The microcontroller system is powered by a 5 V battery. An HT7333 LDO (Low Dropout) linear regulator is employed in the analog front-end to step down the 5 V input to 3.3 V. Without deformation on the piezoelectric film, the output of the charge amplifier is designed to 1.65 V, which ensures symmetrical detection of deformations in both directions. Therefore, a TL431 is precisely parallel connected to voltage regulator to generate a stable 2.5 V potential, with its reference terminal short to the cathode. After voltage is divided to 1.65 V, it is transmitted to a high-input impedance voltage follower for buffering, resulting in a stable 1.65 V supply for the positive input of the charge amplifier.
To accommodate the limited ADC channels on the MCU, a CH444 dual SP4T (Double pole four throw) analog switch IC is employed. It transmits the processed signal from analog front end panel in phases to MCU, dividing a full cycle into four stages, with each stage transmitting data from two channels.
The microcontroller system needs to complete the ADC signal acquisition, encoding and transmitting to serial port. Hence, more ADC channels are required to increase ADC conversion precision and faster operation rate. Balancing cost-effectiveness with performance, the STC8H8K64U (based on the 8051 core) is chosen for this application. It operates at a maximum clock frequency of 45MHz and is equipped with DMA (Direct Memory Access) capabilities, enhancing data transfer efficiency. Besides, this MCU has a 12-bit ADC with 15 channels, capable of achieving a maximum sampling rate of approximately 800 KS/s.

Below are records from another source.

(* Let $n \ge 2$, $k \ge 0$, and let $n_1, \dots, n_k$ be even integers with $1 \le n_i \le 2n-2$. Then $\mathcal{P}_n(n_1,\dots,n_k;-n_k,\dots,-n_1)$ is a regular presentation of $Q_{4n}$.
   Context: $Q_{4n}$ is identified with $\langle x, y \mid x^n y^{-2}, xyxy^{-1} \rangle$. A presentation $\langle x, y \mid x^n y^{-2}, R\rangle$ is regular if $x \mapsto x$, $y \mapsto y$ induces a group isomorphism from the group it presents to $Q_{4n}$. For integers $k\ge0$, $n_1,\dots,n_k,m_1,\dots,m_k$, with $n_{k+1} = 1 - \sum_{i=1}^k n_i$, $m_{k+1} = 1 - \sum_{i=1}^k m_i$, $\mathcal{P}_n(n_1,\dots,n_k;m_1,\dots,m_k) = \langle x, y \mid x^n y^{-2},\ x^{n_1} y x^{m_1} y^{-1} \cdots x^{n_{k+1}} y x^{m_{k+1}} y^{-1} \rangle$; thus here $m_i = -n_{k+1-i}$ for $1 \le i \le k$. *)

(* group presentations on two generators x, y, via words in
   the free monoid on x, x^-1, y, y^-1 modulo the congruence generated by
   free cancellation and the relators. *)
From Stdlib Require Import ZArith List.
Import ListNotations.
Open Scope Z_scope.

Inductive gen : Type := GX | GY.

Definition letter : Type := (gen * bool)%type.
Definition word : Type := list letter.

Definition inv_letter (a : letter) : letter := (fst a, negb (snd a)).

Definition x : letter := (GX, false).
Definition xinv : letter := (GX, true).
Definition y : letter := (GY, false).
Definition yinv : letter := (GY, true).

Definition xpow (m : Z) : word :=
  if 0 <=? m then repeat x (Z.to_nat m) else repeat xinv (Z.to_nat (- m)).

Inductive eqv (rels : list word) : word -> word -> Prop :=
| eqv_refl w : eqv rels w w
| eqv_sym u v : eqv rels u v -> eqv rels v u
| eqv_trans u v w : eqv rels u v -> eqv rels v w -> eqv rels u w
| eqv_free u v a : eqv rels (u ++ a :: inv_letter a :: v) (u ++ v)
| eqv_rel u v r : In r rels -> eqv rels (u ++ r ++ v) (u ++ v).

Definition rel_xn_ym2 (n : Z) : word := xpow n ++ [yinv; yinv].

Definition Q_rels (n : Z) : list word := [rel_xn_ym2 n; [x; y; x; yinv]].

(* < x, y | x^n y^-2, R > is regular: x |-> x, y |-> y induces a group
   isomorphism onto Q_{4n}.  Since the map is the identity on words, it is
   a well-defined homomorphism iff eqv (P-rels) is contained in eqv (Q-rels),
   and then it is surjective, and injective iff the converse inclusion holds. *)
Definition regular (n : Z) (R : word) : Prop :=
  (forall u v, eqv [rel_xn_ym2 n; R] u v -> eqv (Q_rels n) u v) /\
  (forall u v, eqv (Q_rels n) u v -> eqv [rel_xn_ym2 n; R] u v).
(* Let $N = n+1\ge 4$ be even, let $\boldsymbol{\lambda} = (\lambda_1,\dots,\lambda_N) \in \Lambda_N$, let $\mathbf{v}_0 = \mathbf{0}$, $\mathbf{v}_i = \lambda_i(\mathbf{e}_{i-1}-\mathbf{e}_i)$ for $1\le i\le N$, $V_N=\{\mathbf{v}_0,\dots,\mathbf{v}_N\}$, and $\Delta_+(G^{\mathbf{0}}_{\boldsymbol{\lambda}}) = \{\operatorname{conv}(V_N \setminus \{\mathbf{v}_i\}) \mid \lambda_i = \lambda_1\}$. Lift each simplex $T$ of $\Delta_+(G^{\mathbf{0}}_{\boldsymbol{\lambda}})$ to $\Omega_\omega(T) = \operatorname{conv}\{(\mathbf{a},\omega(\mathbf{a})) \mid \mathbf{a} \text{ a vertex of } T\} \subset \mathbb{R}^{n+1}$. If $\lambda_1 = 1$, then the upward-pointing inner normal vectors (with last coordinate $1$) of the simplices in $\Omega_\omega(\Delta_+(G^{\mathbf{0}}_{\boldsymbol{\lambda}}))$ are $\mathbf{x}_{\boldsymbol{\lambda}} = (x_1,\dots,x_{n+1})$ where $x_i = \sum_{j=1}^i \lambda_j$ for $1 \le i < n+1$ and $x_{n+1} = 1$, together with \[ \mathbf{y}_{\boldsymbol{\lambda},j} = \mathbf{x}_{\boldsymbol{\lambda}} + \sum_{k=1}^{j-1}\mathbf{e}_k \] for each $j > 1$ such that $\lambda_j = 1$ (here $\mathbf{e}_k$ denotes the standard basis vectors of $\mathbb{R}^{n+1}$). If $\lambda_1 = -1$, then the upward-pointing inner normal vectors are $\mathbf{x}_{\boldsymbol{\lambda}} = \sigma(\mathbf{x}_{-\boldsymbol{\lambda}})$ and $\mathbf{y}_{\boldsymbol{\lambda},j} = \sigma(\mathbf{y}_{-\boldsymbol{\lambda},j})$ for each $j>1$ with $\lambda_j < 0$, where $\sigma:\mathbb{R}^{n+1}\to\mathbb{R}^{n+1}$ is the map negating the first $n$ coordinates.
   Context: $\mathbf{e}_1,\dots,\mathbf{e}_n$ is the standard basis of $\mathbb{R}^n$ with the convention $\mathbf{e}_0 = \mathbf{e}_N = \mathbf{0}$. For even $N$, $\Lambda_N = \{(\lambda_1,\dots,\lambda_N) \in \{-1,1\}^N \mid \sum_i \lambda_i = 0\}$. The cycle graph $C_N$ has vertices $0,\dots,N-1$ and edges $\{0,1\},\{1,2\},\dots,\{N-2,N-1\},\{N-1,0\}$; $S_{C_N} = \{\mathbf{0}\} \cup \{\mathbf{e}_i - \mathbf{e}_j \mid \{i,j\} \text{ an edge of } C_N\}$. The height function $\omega: S_{C_N}\to\mathbb{Z}$ is $\omega(\mathbf{0}) = 0$, $\omega(\pm\mathbf{e}_1) = 2$, and $\omega(\mathbf{a}) = 1$ otherwise. A vector in $\mathbb{R}^{n+1}$ is upward-pointing if its last coordinate is positive. *)

(* Vectors of R^m are row vectors 'rV[R]_m; the paper's
   1-based coordinate i corresponds to the 0-based ordinal i-1. *)
From HB Require Import structures.
From mathcomp Require Import all_boot all_order all_algebra.
Unset Printing Implicit Defensive.
Import Order.TTheory GRing.Theory Num.Theory.
Local Open Scope ring_scope.
(* Every surjection of a D-module onto Delta(i), i a source, has a section:
   lift the generator at i and extend by smap. *)
Lemma Delta_section (M : rep) (p0 : qhom M D) :
  is_Dmod M -> is_source i -> hsurj p0 ->
  exists s : qhom D M, forall x, s x *m p0 x = 1%:M.
Proof.
move=> DM si sp0; case/row_fullP: (sp0 i) => B hB.
have u0 : 'I_(size (P i)) by rewrite size_Pi; exact: ord0.
pose s := QHom (smap_hom (row u0 B) DM si).
have spi : s i *m p0 i = 1%:M.
  apply/row_matrixP => u; rewrite row_mul /= smap_row -row_mul hB.
  by rewrite (ord_Pi u u0).
exists s => x.
have h0 : hsub (hcomp s p0) (hid _) i = 0 by rewrite /= spi subrr.
by have /eqP := Delta_det h0 x; rewrite subr_eq0 => /eqP.
Qed.
End DeltaModule.

Section Main.
Variables (Q : quiver) (K : fieldType) (i : Q0 Q).
Local Notation rep := (rep Q K).
Local Notation D := (Delta K i).

Definition splits_Delta (M : rep) (d : nat) (js : seq (Q0 Q)) : Prop :=
  exists f : qhom (rpow D d) M, hinj f /\
  exists X (p : qhom M X),
    [/\ hsurj p, forall x, (kermx (p x) == f x)%MS & dfilt X js].

Lemma splits_Delta0 (M : rep) js : dfilt M js -> splits_Delta M 0 js.
Proof.
move=> HM.
have hz : @is_hom Q K (rpow D 0) M (fun x => 0).
  by split => a; rewrite mulmx0 mul0mx.
exists (QHom hz); split; first by move=> x; rewrite /row_free /= mxrank0.
exists M, (hid M); split => // [x | x]; first by rewrite /= -sub1mx submx_refl.
have /eqP -> : kermx (1%:M : 'M[K]_(rdim M x)) == 0.
  by rewrite kermx_eq0 row_free_unit unitmx1.
by apply/andP; rewrite !sub0mx.
Qed.

(* A top layer Delta(i) splits off by Delta_section and is added to the
   copy of Delta(i)^d found in N; the quotient of M is that of N. *)
Lemma splits_Delta_source (N M : rep) d js (f0 : qhom N M) (p0 : qhom M D) :
  acyclic Q -> is_source i -> is_Dmod M ->
  hinj f0 -> hsurj p0 -> (forall x, (kermx (p0 x) == f0 x)%MS) ->
  splits_Delta N d js -> splits_Delta M d.+1 js.
Proof.
move=> ac si DM jf0 sp0 k0 [fN [jfN [XN [pN [spN kN dXN]]]]].
have f0p0 x : f0 x *m p0 x = 0 by apply: ker_eq_mul0.
have fNpN x : fN x *m pN x = 0 by apply: ker_eq_mul0.
case: (Delta_section ac DM si sp0) => s sp.
case: (split_retraction jf0 k0 sp) => r hr.
exists (hjoin s (hcomp fN f0)); split.
  move=> x; apply: inj_row_free => v; rewrite -(hsubmxK v) /= mul_row_col => e.
  have e1 : lsubmx v = 0.
    have := congr1 (mulmx^~ (p0 x)) e.
    by rewrite /= mulmxDl -!mulmxA sp f0p0 mulmx1 !mulmx0 addr0 mul0mx.
  move: e; rewrite e1 mul0mx add0r => /eqP; rewrite mulmx_free_eq0 ?free_mul //.
  by move/eqP ->; rewrite row_mx0.
exists XN, (hcomp r pN); split => // x.
  by apply: full_mul (spN x); apply: (@rinv_full _ _ _ _ (f0 x)); case: (hr x).
case: (hr x) => f0r sr decomp; apply/andP; split.
  set Kk := kermx _.
  have /submxP [W eW] : (Kk *m r x <= fN x)%MS.
    apply: submx_trans (proj1 (andP (kN x))).
    by apply/sub_kermxP; rewrite -mulmxA; apply/sub_kermxP.
  clearbody Kk; have eK : Kk = Kk *m p0 x *m s x + W *m (fN x *m f0 x).
    by rewrite mulmxA -eW -!mulmxA -mulmxDr decomp mulmx1.
  by rewrite eK /= -mul_row_col submxMl.
apply/sub_kermxP; rewrite /= mul_col_mx mulmxA sr mul0mx.
by rewrite -!mulmxA (mulmxA (f0 x)) f0r mul1mx fNpN col_mx0.
Qed.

The HT7333 module is utilized to power the system, converting the standard 5 V input voltage to the 3.3 V required by the MCU. It is a versatile LDO (low dropout regulator) known for its excellent performance with among 300mA output current, with minimal standby current of just 2 μA and an output voltage accuracy within ±2%. Capacitors are placed at both the input and output sides of the HT7333 to filter the power ripple.
An onboard Bluetooth module is incorporated to enable the wireless transmission. Considering the relatively high power-consumption of Bluetooth transmission, a separate HT7333 is dedicated to powering the Bluetooth module. The RXD and TXD pins of the Bluetooth module are connected to the TxD3 and RxD3 pins of the MCU respectively, facilitating serial communication.
The A/D conversion requires a precise 3.3 V reference voltage. A TL431 precision shunt regulator is employed to generate a stable 2.5V, which is then buffered by a voltage follower to produce a 3.3V reference voltage. Consequently, it is connected to the MCU’s ADC reference voltage pin.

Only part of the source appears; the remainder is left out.